Businesses should use explainer videos whenever a product, service or process is too complex to grasp from text alone, typically at four moments: launching something new, converting website visitors, onboarding customers, and reducing repetitive support questions. If your sales team explains the same thing in every first call, that is the signal.
Watch for these patterns: prospects consistently misunderstand what you do until a human explains it; your sales cycle includes a repeated live demo of the same basics; trade fair staff give the same two-minute pitch hundreds of times; new customers email questions your documentation already answers, because nobody reads it. In each case an explainer converts a recurring labour cost into a one-time production cost. B2B companies with technical products, software, engineering, financial services, see this effect most strongly.

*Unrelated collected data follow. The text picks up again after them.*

(* Let $(X,\mathcal{A},\mu)$ be a $q$-measure space, let $A_1,\dots,A_n\in\mathcal{A}$ be mutually disjoint, let $0<\alpha_1<\alpha_2<\dots<\alpha_n$, and let $f=\sum_{i=1}^n\alpha_i\chi_{A_i}$. Then \[ \int f\,d\mu=\sum_{k=1}^{n-1}\alpha_k\Big[\sum_{j=k+1}^n\mu(A_k\cup A_j)-(n-k-1)\mu(A_k)-\sum_{j=k+1}^n\mu(A_j)\Big]+\alpha_n\mu(A_n). \] Equivalently, with $\alpha_0=0$, $\int f\,d\mu=\sum_{k=1}^n(\alpha_k-\alpha_{k-1})\,\mu(A_k\cup\dots\cup A_n)$.
   Context: A $q$-measure space is a triple $(X,\mathcal{A},\mu)$ where $\mathcal{A}$ is a $\sigma$-algebra of subsets of $X$ and $\mu\colon\mathcal{A}\to[0,\infty)$ satisfies: (i) grade-2 additivity: $\mu(A\cup B\cup C)=\mu(A\cup B)+\mu(A\cup C)+\mu(B\cup C)-\mu(A)-\mu(B)-\mu(C)$ for mutually disjoint $A,B,C\in\mathcal{A}$; (ii) if $A_i\in\mathcal{A}$ is increasing then $\mu(\bigcup A_i)=\lim\mu(A_i)$; (iii) if $A_i\in\mathcal{A}$ is decreasing then $\mu(\bigcap A_i)=\lim\mu(A_i)$. $\chi_A$ denotes the characteristic function of $A$. For measurable $f\colon X\to\mathbb{R}$, $f$ is called $\mu$-integrable if $\lambda\mapsto\mu(f^{-1}(\lambda,\infty))$ and $\lambda\mapsto\mu(f^{-1}(-\infty,-\lambda))$ have finite Lebesgue integral over $[0,\infty)$, and then the $q$-integral is $\int f\,d\mu=\int_0^\infty\mu(f^{-1}(\lambda,\infty))\,d\lambda-\int_0^\infty\mu(f^{-1}(-\infty,-\lambda))\,d\lambda$. *)

From Stdlib Require Import Reals List Classical ClassicalEpsilon.
Open Scope R_scope.

Definition setU {X : Type} (A B : X -> Prop) : X -> Prop := fun x => A x \/ B x.
Definition setI {X : Type} (A B : X -> Prop) : X -> Prop := fun x => A x /\ B x.
Definition setC {X : Type} (A : X -> Prop) : X -> Prop := fun x => ~ A x.
Definition setT {X : Type} : X -> Prop := fun _ => True.
Definition bigcup {X : Type} (A : nat -> X -> Prop) : X -> Prop :=
  fun x => exists i, A i x.
Definition bigcap {X : Type} (A : nat -> X -> Prop) : X -> Prop :=
  fun x => forall i, A i x.

Definition sigma_algebra {X : Type} (S : (X -> Prop) -> Prop) : Prop :=
  S setT /\
  (forall A, S A -> S (setC A)) /\
  (forall A : nat -> X -> Prop, (forall i, S (A i)) -> S (bigcup A)).

Definition increasing_sets {X : Type} (A : nat -> X -> Prop) : Prop :=
  forall i x, A i x -> A (S i) x.
Definition decreasing_sets {X : Type} (A : nat -> X -> Prop) : Prop :=
  forall i x, A (S i) x -> A i x.

Definition q_measure {X : Type} (S : (X -> Prop) -> Prop) (mu : (X -> Prop) -> R)
  : Prop :=
  sigma_algebra S /\
  (forall A, S A -> 0 <= mu A) /\
  (* grade-2 additivity *)
  (forall A B C, S A -> S B -> S C ->
     (forall x, A x -> B x -> False) ->
     (forall x, A x -> C x -> False) ->
     (forall x, B x -> C x -> False) ->
     mu (setU (setU A B) C) =
       mu (setU A B) + mu (setU A C) + mu (setU B C) - mu A - mu B - mu C) /\
  (forall A : nat -> X -> Prop, (forall i, S (A i)) -> increasing_sets A ->
     Un_cv (fun i => mu (A i)) (mu (bigcup A))) /\
  (forall A : nat -> X -> Prop, (forall i, S (A i)) -> decreasing_sets A ->
     Un_cv (fun i => mu (A i)) (mu (bigcap A))).

Definition chi {X : Type} (A : X -> Prop) (x : X) : R :=
  if excluded_middle_informative (A x) then 1 else 0.

(* Sum a b g = g a + g (a+1) + ... + g b  (0 if b < a) *)
Definition Sum (a b : nat) (g : nat -> R) : R :=
  fold_right (fun j acc => g j + acc) 0 (seq a (S b - a)).

Definition has_integral_0_inf (g : R -> R) (l : R) : Prop :=
  (forall b, 0 <= b -> inhabited (Riemann_integrable g 0 b)) /\
  (forall eps, 0 < eps -> exists B, forall b (pr : Riemann_integrable g 0 b),
      B <= b -> Rabs (RiemannInt pr - l) < eps).

Definition q_integral_is {X : Type} (mu : (X -> Prop) -> R) (f : X -> R) (I : R)
  : Prop :=
  exists l1 l2,
    has_integral_0_inf (fun lam => mu (fun x => lam < f x)) l1 /\
    has_integral_0_inf (fun lam => mu (fun x => f x < - lam)) l2 /\
    I = l1 - l2.

(* For 0 < α₁ < … < αₙ the level set {f > λ} is the tail union A_k ∪ … ∪ A_n
   whenever α_{k-1} < λ < α_k, and it is empty above αₙ, while {f < -λ} is
   always empty; so the layer-cake integral is Σ_k (α_k - α_{k-1}) μ(A_k ∪ … ∪ A_n).
   The first formula follows by summation by parts, since grade-2 additivity
   telescopes μ(A_k ∪ … ∪ A_n) - μ(A_{k+1} ∪ … ∪ A_n) into
   Σ_{j>k} μ(A_k ∪ A_j) - (n-k-1) μ(A_k) - Σ_{j>k} μ(A_j). *)

From Stdlib Require Import Reals List Classical ClassicalEpsilon Lra Lia.
From Stdlib Require Import FunctionalExtensionality PropExtensionality.
From Coquelicot Require Import Coquelicot.
Open Scope R_scope.

Lemma pred_ext {X : Type} (P Q : X -> Prop) : (forall x, P x <-> Q x) -> P = Q.
Proof.
  intro H; apply functional_extensionality; intro x.
  apply propositional_extensionality; auto.
Qed.

Lemma Sum_succ a b g : (a <= S b)%nat -> Sum a (S b) g = Sum a b g + g (S b).
Proof.
  intro H; unfold Sum.
  replace (S (S b) - a)%nat with (S (S b - a)) by lia.
  rewrite seq_S, fold_right_app; cbn [fold_right].
  replace (a + (S b - a))%nat with (S b) by lia.
  induction (seq a (S b - a)); simpl; lra.
Qed.

Lemma Sum_last a b g : (1 <= a <= b)%nat -> Sum a b g = Sum a (b - 1) g + g b.
Proof.
  intro H; destruct b as [|b]; [lia|].
  rewrite Sum_succ by lia; simpl; rewrite Nat.sub_0_r; reflexivity.
Qed.

Lemma Sum_ext a b g h :
  (forall i, (a <= i <= b)%nat -> g i = h i) -> Sum a b g = Sum a b h.
Proof.
  intro H; unfold Sum.
  assert (Hin : forall i, In i (seq a (S b - a)) -> g i = h i)
    by (intros i Hi; apply in_seq in Hi; apply H; lia).
  clear H; induction (seq a (S b - a)) as [|i l IH]; simpl; auto.
  rewrite IH, (Hin i); [reflexivity|left; reflexivity|].
  intros; apply Hin; right; assumption.
Qed.

Lemma Sum_minus a b g h : Sum a b (fun i => g i - h i) = Sum a b g - Sum a b h.
Proof. unfold Sum; induction (seq a (S b - a)); simpl; lra. Qed.

Lemma Sum_eq0 a b h : (forall i, (a <= i <= b)%nat -> h i = 0) -> Sum a b h = 0.
Proof.
  intro H; rewrite (Sum_ext a b h (fun _ => 0)) by auto; unfold Sum.
  induction (seq a (S b - a)); simpl; lra.
Qed.

Lemma Sum_single a b j h : (a <= j <= b)%nat ->
  (forall i, (a <= i <= b)%nat -> i <> j -> h i = 0) -> Sum a b h = h j.
Proof.
  induction b as [|b IH]; intros Hj Hz.
  - assert (a = 0%nat /\ j = 0%nat) as [-> ->] by lia; unfold Sum; simpl; lra.
  - rewrite Sum_succ by lia.
    destruct (Nat.eq_dec j (S b)) as [->|Hne].
    + rewrite Sum_eq0; [lra|]; intros i Hi; apply Hz; lia.
    + rewrite IH, (Hz (S b)) by (lia || (intros; apply Hz; lia)); lra.
Qed.

Definition prev (a : nat -> R) (k : nat) : R :=
  if Nat.eqb k 1 then 0 else a (k - 1)%nat.
Section Rectangles.
Variables (R : realType) (T1 T2 : finType) (lam : T1 * T2 -> R).
Implicit Types (A : {set T1}) (B : {set T2}).

Definition lam_swap : T2 * T1 -> R := fun p => lam (p.2, p.1).

Lemma measTX A B :
  measT lam (setX A B) = \sum_(t1 in A) \sum_(t2 in B) lam (t1, t2).
Proof.
rewrite /measT pair_big_dep /=; apply: eq_big => [[t1 t2] | [t1 t2] _] //=.
by rewrite in_setX.
Qed.

Lemma sum_marg1 A B :
  \sum_(t1 in A) marg1 lam t1 = measT lam (setX A B) + measT lam (setX A (~: B)).
Proof.
by rewrite !measTX -big_split; apply: eq_bigr => t1 _ /=; rewrite sum_setC.
Qed.

End Rectangles.

Lemma measT_swap (R : realType) (T1 T2 : finType) (lam : T1 * T2 -> R)
    (A : {set T1}) (B : {set T2}) :
  measT (lam_swap lam) (setX B A) = measT lam (setX A B).
Proof. by rewrite !measTX [LHS]exchange_big. Qed.

Lemma sum_marg2 (R : realType) (T1 T2 : finType) (lam : T1 * T2 -> R)
    (A : {set T1}) (B : {set T2}) :
  \sum_(t2 in B) marg2 lam t2 = measT lam (setX A B) + measT lam (setX (~: A) B).
Proof. by rewrite (sum_marg1 (lam_swap lam) B A) !measT_swap. Qed.

Section Interim.
Variables (R : realType) (K T1 T2 : finType).
Variables (lam : T1 * T2 -> R) (Q1 : K -> T1 -> R) (Q2 : K -> T2 -> R).
Implicit Types (k : K) (G : {set K}) (A : {set T1}) (B : {set T2}).

Definition mass1 k A := \sum_(t1 in A) Q1 k t1 * marg1 lam t1.
Definition mass2 k B := \sum_(t2 in B) Q2 k t2 * marg2 lam t2.
Definition cut_excess G A B := \sum_(k in G) (mass1 k A - mass2 k B).
Definition cut_condition G :=
  forall A B, cut_excess G A B <= measT lam (setX A (~: B)).
Definition balanced := forall k, mass1 k setT = mass2 k setT.

Lemma mass_diff_compl k A B : mass1 k setT = mass2 k setT ->
  mass1 k A - mass2 k B = - (mass1 k (~: A) - mass2 k (~: B)).
Proof.
rewrite /mass1 /mass2 !sum_setT -(sum_setC A) -(sum_setC B) => ?; lra.
Qed.

Hypotheses (Q1_sum1 : forall t1, \sum_k Q1 k t1 = 1) (Q2_sum1 : forall t2, \sum_k Q2 k t2 = 1).

Lemma sum_mass_diff A B :
  \sum_k (mass1 k A - mass2 k B)
  = \sum_(t1 in A) marg1 lam t1 - \sum_(t2 in B) marg2 lam t2.
Proof.
rewrite sumrB /mass1 /mass2 exchange_big [X in _ - X]exchange_big /=.
by congr (_ - _); apply: eq_bigr => t _; rewrite -mulr_suml ?Q1_sum1 ?Q2_sum1 mul1r.
Qed.

Lemma balanced_except (k0 : K) :
  (forall k, k != k0 -> mass1 k setT = mass2 k setT) -> balanced.
Proof.
move=> bal_off k; have [-> | /bal_off //] := eqVneq k k0; apply/eqP; rewrite -subr_eq0.
have := sum_mass_diff setT setT; rewrite (bigD1 k0) //= big1 => [|k1 /bal_off ->]; last first.
  by rewrite subrr.
by rewrite addr0 => ->; rewrite /marg1 /marg2 !sum_setT exchange_big subrr.
Qed.

Lemma Q2_ge0_of_cut k t2 : cut_condition [set k] -> 0 < marg2 lam t2 -> 0 <= Q2 k t2.
Proof.
move=> cut_k marg_gt0; have := cut_k set0 [set t2].
rewrite /cut_excess /mass1 /mass2 measTX !big_set1 !big_set0 sub0r oppr_le0.
by rewrite pmulr_lge0.
Qed.

Hypothesis bal : balanced.

Lemma cut_condition_compl G : cut_condition (~: G) -> cut_condition G.
Proof.
move=> cut_compl A B.
have split : cut_excess G A B + cut_excess (~: G) A B
              = \sum_(t1 in A) marg1 lam t1 - \sum_(t2 in B) marg2 lam t2.
  by rewrite /cut_excess sum_setC sum_mass_diff.
have flip : cut_excess (~: G) A B = - cut_excess (~: G) (~: A) (~: B).
  by rewrite /cut_excess -sumrN; apply: eq_bigr => k _; rewrite mass_diff_compl.
have := cut_compl (~: A) (~: B); rewrite setCK.
by have := sum_marg1 lam A B; have := sum_marg2 lam A B; lra.
Qed.

Lemma cut_condition_except (k0 : K) :
  (forall G, G \subset [set~ k0] -> cut_condition G) -> forall G, cut_condition G.
Proof.
move=> cut_off G; have [k0G | k0G] := boolP (k0 \in G).
  apply/cut_condition_compl/cut_off/subsetP => k; rewrite !inE.
  by apply: contra => /eqP ->.
apply/cut_off/subsetP => k kG; rewrite !inE.
by apply: contraNneq k0G => <-.
Qed.

End Interim.

Section Swap.
Variables (R : realType) (K T1 T2 : finType).
Variables (lam : T1 * T2 -> R) (Q1 : K -> T1 -> R) (Q2 : K -> T2 -> R).
Hypothesis bal : balanced lam Q1 Q2.

Lemma balanced_swap : balanced (lam_swap lam) Q2 Q1.
Proof. by move=> k; apply: esym (bal k). Qed.

Lemma cut_condition_swap G :
  cut_condition lam Q1 Q2 G -> cut_condition (lam_swap lam) Q2 Q1 G.
Proof.
move=> cut_G B A; rewrite measT_swap.
suff -> : cut_excess (lam_swap lam) Q2 Q1 G B A = cut_excess lam Q1 Q2 G (~: A) (~: B).
  by have := cut_G (~: A) (~: B); rewrite setCK.
apply: eq_bigr => k _.
by rewrite [RHS]mass_diff_compl ?setCK ?bal // opprB.
Qed.

Lemma Q1_ge0_of_cut k t1 :
  cut_condition lam Q1 Q2 [set k] -> 0 < marg1 lam t1 -> 0 <= Q1 k t1.
Proof. by move/cut_condition_swap; apply: Q2_ge0_of_cut. Qed.

End Swap.

Section Necessity.
Variables (R : realType) (K T1 T2 : finType).
Variables (lam : T1 * T2 -> R) (Q1 : K -> T1 -> R) (Q2 : K -> T2 -> R).
Hypotheses (lam_ge0 : forall t, 0 <= lam t)
           (lam_prod : forall t1 t2, lam (t1, t2) = marg1 lam t1 * marg2 lam t2).

Lemma mass_diff_of_alloc (q : K -> T1 * T2 -> R) k (A : {set T1}) (B : {set T2}) :
  (forall k t1, Q1 k t1 = \sum_t2 q k (t1, t2) * marg2 lam t2) ->
  (forall k t2, Q2 k t2 = \sum_t1 q k (t1, t2) * marg1 lam t1) ->
  mass1 lam Q1 k A - mass2 lam Q2 k B
  = \sum_t1 \sum_t2 q k (t1, t2) * ((t1 \in A)%:R - (t2 \in B)%:R) * lam (t1, t2).
Proof.
move=> Q1_q Q2_q; rewrite /mass1 /mass2 !sum_indicator.
under eq_bigr => t1 _ do rewrite Q1_q mulr_suml mulr_sumr.
under [X in _ - X]eq_bigr => t2 _ do rewrite Q2_q mulr_suml mulr_sumr.
rewrite [X in _ - X]exchange_big /= -sumrB; apply: eq_bigr => t1 _.
by rewrite -sumrB; apply: eq_bigr => t2 _; rewrite lam_prod; ring.
Qed.

Lemma implementable_balanced : implementable lam Q1 Q2 -> balanced lam Q1 Q2.
Proof.
move=> [q [_ [Q1_q Q2_q]]] k; apply/eqP.
rewrite -subr_eq0 (mass_diff_of_alloc _ _ _ Q1_q Q2_q).
by rewrite big1 // => t1 _; rewrite big1 // => t2 _; rewrite !inE subrr mulr0 mul0r.
Qed.

Lemma implementable_cut_condition G :
  implementable lam Q1 Q2 -> cut_condition lam Q1 Q2 G.
Proof.
move=> [q [[q_ge0 q_sum1] [Q1_q Q2_q]]] A B.
rewrite /cut_excess; under eq_bigr => k _ do rewrite (mass_diff_of_alloc _ _ _ Q1_q Q2_q).
have -> : measT lam (setX A (~: B))
          = \sum_t1 \sum_t2 (t1 \in A)%:R * ((t2 \in ~: B)%:R * lam (t1, t2)).
  by rewrite measTX sum_indicator; apply: eq_bigr => t1 _; rewrite sum_indicator mulr_sumr.
rewrite exchange_big; apply: ler_sum => t1 _; rewrite exchange_big; apply: ler_sum => t2 _.
rewrite -!mulr_suml; set s := \sum_(k in G) _.
have s_ge0 : 0 <= s by apply: sumr_ge0 => k _; apply: q_ge0.
have s_le1 : s <= 1.
  rewrite -(q_sum1 (t1, t2)) -(sum_setC G) lerDl.
  by apply: sumr_ge0 => k _; apply: q_ge0.
have := lam_ge0 (t1, t2); rewrite inE.
by case: (t1 \in A); case: (t2 \in B); rewrite /=; nra.
Qed.

End Necessity.

Lemma marg1_gt0 (R : realType) (T1 T2 : finType) (lam : T1 * T2 -> R) t1 :
  (0 < #|T2|)%N -> (forall t, 0 < lam t) -> 0 < marg1 lam t1.
Proof.
move=> /card_gt0P [w _] lam_gt0; rewrite /marg1 (bigD1 w) //=.
have : 0 <= \sum_(t2 | t2 != w) lam (t1, t2) by apply: sumr_ge0 => t2 _; apply: ltW.
by have := lam_gt0 (t1, w); lra.
Qed.

Lemma marg2_gt0 (R : realType) (T1 T2 : finType) (lam : T1 * T2 -> R) t2 :
  (0 < #|T1|)%N -> (forall t, 0 < lam t) -> 0 < marg2 lam t2.
Proof.
move=> T1_gt0 lam_gt0; change (0 < marg1 (lam_swap lam) t2).
by apply: marg1_gt0 T1_gt0 _ => t; apply: lam_gt0.
Qed.

Section Sufficiency.
Variables (R : realType) (K T1 T2 : finType).
Variables (lam : T1 * T2 -> R) (Q1 : K -> T1 -> R) (Q2 : K -> T2 -> R).
Hypotheses (T1_gt0 : (0 < #|T1|)%N) (T2_gt0 : (0 < #|T2|)%N) (lam_gt0 : forall t, 0 < lam t)
           (lam_prod : forall t1 t2, lam (t1, t2) = marg1 lam t1 * marg2 lam t2).

(* [x k t1 t2] stands for [q k (t1, t2) * lam (t1, t2)]. *)
Lemma implementable_of_mass (x : K -> T1 -> T2 -> R) :
  (forall k t1 t2, 0 <= x k t1 t2) ->
  (forall t1 t2, \sum_k x k t1 t2 = lam (t1, t2)) ->
  (forall k t1, \sum_t2 x k t1 t2 = Q1 k t1 * marg1 lam t1) ->
  (forall k t2, \sum_t1 x k t1 t2 = Q2 k t2 * marg2 lam t2) ->
  implementable lam Q1 Q2.
Proof.
move=> x_ge0 x_sumK x_sum2 x_sum1.
have m1_ne0 t1 : marg1 lam t1 != 0 by rewrite gt_eqF ?marg1_gt0.
have m2_ne0 t2 : marg2 lam t2 != 0 by rewrite gt_eqF ?marg2_gt0.
exists (fun k t => x k t.1 t.2 / lam t); split; [split | split].
- by move=> k t; rewrite divr_ge0 // ltW.
- by move=> [t1 t2]; rewrite -mulr_suml x_sumK mulfV // gt_eqF.
- move=> k t1; apply: (mulIf (m1_ne0 t1)); rewrite -x_sum2 mulr_suml.
  by apply: eq_bigr => t2 _; rewrite lam_prod /=; field; rewrite m1_ne0 m2_ne0.
- move=> k t2; apply: (mulIf (m2_ne0 t2)); rewrite -x_sum1 mulr_suml.
  by apply: eq_bigr => t1 _; rewrite lam_prod /=; field; rewrite m1_ne0 m2_ne0.
Qed.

Skip it if your offer is instantly understood, nobody needs a video explaining a bakery, or if the real problem is an unclear value proposition, video will only make confusion more polished. Do not use one explainer to cover six products; specificity is what makes the format work. And if the product interface changes monthly, choose motion graphics that are cheap to update over filmed screen content that ages in weeks. A typical professional explainer runs CHF 4,000 to 15,000 with a first cut in about two weeks.
The structure is consistent across industries: name the problem in the viewer's language within the first ten seconds, introduce the solution in one plain sentence, show how it works in three steps at most, add one piece of proof, a client name, a number, a demonstration, and end with a single call to action. Keep it between 60 and 90 seconds, write for listening rather than reading, and make it work with the sound off through subtitles and visual logic.